STEM (Science, Technology, Engineering, Math) has been talked about in the education world for years, and even recently it has changed to STEAM to add in the arts. But how can this trend pick up steam and truly engage young learners?
According to a recent STEM study, teachers and parents want to encourage and teach their children in the STEM field, but don’t have confidence in their STEM knowledge to do so.
Multiple articles have shown that STEM education is important for all children. But before students engage in STEM-based learning in the classroom, they can start their learning at home.
So where does parent engagement come into play?
Parents and STEM-Insecurities
The Joan Ganz Cooney Center at Sesame Workshop study reveals many parents feel anxious or lack confidence in their own STEM knowledge; something that may be passed onto their children. STEM started becoming a widely-known term in the early 2000s, which was after today’s parents were in school.
But, parents can help connect STEM learning in school to the home. The report emphasizes by continuing STEM education in the home, it will lead to STEM fluency for students.
This can help students in the long run, especially as the need for coding professionals continues to grow in the workforce. In fact, 10 of the 14 fastest-growing industries require STEM training, according to 100Kin10, a network supporting the national effort to get more STEM teachers into schools. And, the U.S. Department of Education reports STEM/STEAM jobs will grow by 14 percent from 2010 to 2020 in the U.S.
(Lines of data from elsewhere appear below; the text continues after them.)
(* Let $\mathbf{X},\mathbf{Y}$ be sgrms over $\mathbb{R}^d$ on $[0,T]$. A map $\mathbf{Z}:[0,T]^2\to G(\mathbb{R}^d)$ coincides with $\mathbf{X}\boxplus\mathbf{Y}$ if and only if $\mathbf{Z}_{s,t}=\mathbf{Z}_{s,u}\otimes\mathbf{Z}_{u,t}$ for all $s,u,t\in[0,T]$ and, for every $s\in[0,T]$, $$\mathbf{Z}_{s,t}=\mathbf{X}_{s,t}\otimes\mathbf{Y}_{s,t}+R_{s,t}$$ for some $R_{s,t}\in T((\mathbb{R}^d))$ with $\langle R_{s,t},x\rangle=o(|t-s|)$ as $t\to s$ for all $x\in T(\mathbb{R}^d)$. Moreover, $$\mathbf{X}_{s,t}\otimes\mathbf{Y}_{s,t}=\mathbf{Y}_{s,t}\otimes\mathbf{X}_{s,t}+r_{s,t}=\mathbf{X}_{s,t}+\mathbf{Y}_{s,t}-\mathbf{1}+r'_{s,t}$$ for some $r_{s,t},r'_{s,t}\in T((\mathbb{R}^d))$ with $\langle r_{s,t},x\rangle,\langle r'_{s,t},x\rangle=o(|t-s|)$ as $t\to s$ for all $x\in T(\mathbb{R}^d)$.
   Context: Fix $T>0$, $d\ge1$. $T((\mathbb{R}^d))$: formal tensor series $\sum_w\mathbf{x}^we_w$ over words in $\{1,\dots,d\}$ (incl. empty word, whose basis element $\mathbf{1}$ is the unit) with concatenation product $\otimes$; $T(\mathbb{R}^d)$ the polynomials; $\langle\mathbf{x},w\rangle=\mathbf{x}^w$, extended linearly. Shuffle product: bilinear, unit $\mathbf{1}$, $wi\sqcup\!\sqcup vj=(w\sqcup\!\sqcup vj)i+(wi\sqcup\!\sqcup v)j$. $G(\mathbb{R}^d)=\{\mathbf{x}:\langle\mathbf{x},\mathbf{1}\rangle=1,\ \langle\mathbf{x},v\sqcup\!\sqcup w\rangle=\langle\mathbf{x},v\rangle\langle\mathbf{x},w\rangle\ \forall v,w\}$, a group under $\otimes$; $\mathcal{L}((\mathbb{R}^d))$ the Lie series. An sgrm is a non-zero map $\mathbf{X}:[0,T]^2\to T((\mathbb{R}^d))$ with $\langle\mathbf{X}_{s,t},v\sqcup\!\sqcup w\rangle=\langle\mathbf{X}_{s,t},v\rangle\langle\mathbf{X}_{s,t},w\rangle$ for all words, $\mathbf{X}_{s,u}\otimes\mathbf{X}_{u,t}=\mathbf{X}_{s,t}$, and $t\mapsto\langle\mathbf{X}_{s,t},w\rangle$ smooth for all words $w$ and all $s$. Diagonal derivative $\dot{\mathbf{X}}_{s,s}=\partial_t|_{t=s}\mathbf{X}_{s,t}$ (a smooth $\mathcal{L}((\mathbb{R}^d))$-valued path). The canonical sum $\mathbf{X}\boxplus\mathbf{Y}$ of sgrms $\mathbf{X},\mathbf{Y}$ is the sgrm $(s,t)\mapsto\mathbf{Z}_s^{-1}\otimes\mathbf{Z}_t$, where $\mathbf{Z}$ is the unique solution in $T((\mathbb{R}^d))$ (solved coordinatewise) of $\dot{\mathbf{Z}}_t=\mathbf{Z}_t\otimes(\dot{\mathbf{X}}_{t,t}+\dot{\mathbf{Y}}_{t,t})$, $\mathbf{Z}_0=\mathbf{1}$. *)

From mathcomp Require Import all_boot all_order all_algebra.
From mathcomp Require Import reals.
Set Implicit Arguments. Unset Strict Implicit. Unset Printing Implicit Defensive.
Import Order.TTheory GRing.Theory Num.Theory.
Local Open Scope ring_scope.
Parent encouragement at a young age can truly have an impact in the classroom, and beyond.
Encouraging STEM at Home
The report provides multiple recommendations to help parents encourage STEM learning at home, in order to expand to the classroom and help their students’ critical thinking.
Engage Parents: They’ll feel more confident introducing STEM ideas and projects to children if they have a better understanding of the topics and skills in the field.
Connect Learning: There’s a web of ‘charging stations,’ says the report, that refers to teachers, parents, museums, libraries, and more that work together to help engage children in STEM in all aspects of their daily lives.
Ensure Digital Equity: Students need access to technology at home to continue their STEM education athome, while increasing their digital literacy. With educational Internet, parents can work with their children, helping increase their confidence in STEM.
Bottom line? Help engage the parents of students to create a connection to STEM from home to the classroom.
The report also goes beyond the home and recommends that the U.S.:
Supports improvements in early childhood STEM education by adding resources at the state and national levels.
Works to remove “pre-existing cultural attitudes” around the STEM field, including who can or should learn these skills.
Prioritizes research to identify gaps in STEM learning.
STEM in the Classroom
In order to complete the web of ‘charging stations’ (as referenced by the report), we need to discuss STEM in the classroom. The report emphasizes the need for schools to support teachers. This includes providing training and institutional support in order to increase teachers’ understanding and confidence around STEM-based learning.
Since this report focuses on STEM for early education, here are four tips for STEM in a Pre-K classroom from a Texas district:
Create meaningful science experiences. Help young children explore the world around them in a way to create excitement about future learning.
Encourage learning-by-doing. Use a comprehensive curriculum – again, that’s age-appropriate – to introduce the sciences to these young learners.
Involve parents. Engaging parents is a common theme across STEM suggestions. When parents are engaged, they can continue the STEM excitement and ask STEM-related questions to drive conversation at home.
If you’re interested in learning more about kindergarten readiness, check out this Kajeet success story. Lamar Consolidated Independent School District used Kajeet SmartSpot® devices to help prevent the ‘summer slide’ and ensure these young students were ready for kindergarten.
STEM in the Future
Where is STEM going to go from here? Well for starters, it’s already taking on STEAM by adding in arts to tie in students’ creativity.
The U.S. Department of Education released a “STEM 2026” report to share their outline for the next steps in STEM. Their vision includes: engaged and networked communities of practice; accessible learning activities that invite intentional play and risk; educational experiences that include interdisciplinary approaches to solving “grant challenges”; flexible and inclusive learning spaces; innovative and accessible measures of learning; and, societal and cultural images and environments that promote diversity and opportunity in STEM.
Whichever direction it goes, STEM is definitely here to stay. What tips do you have for using STEM in the classroom?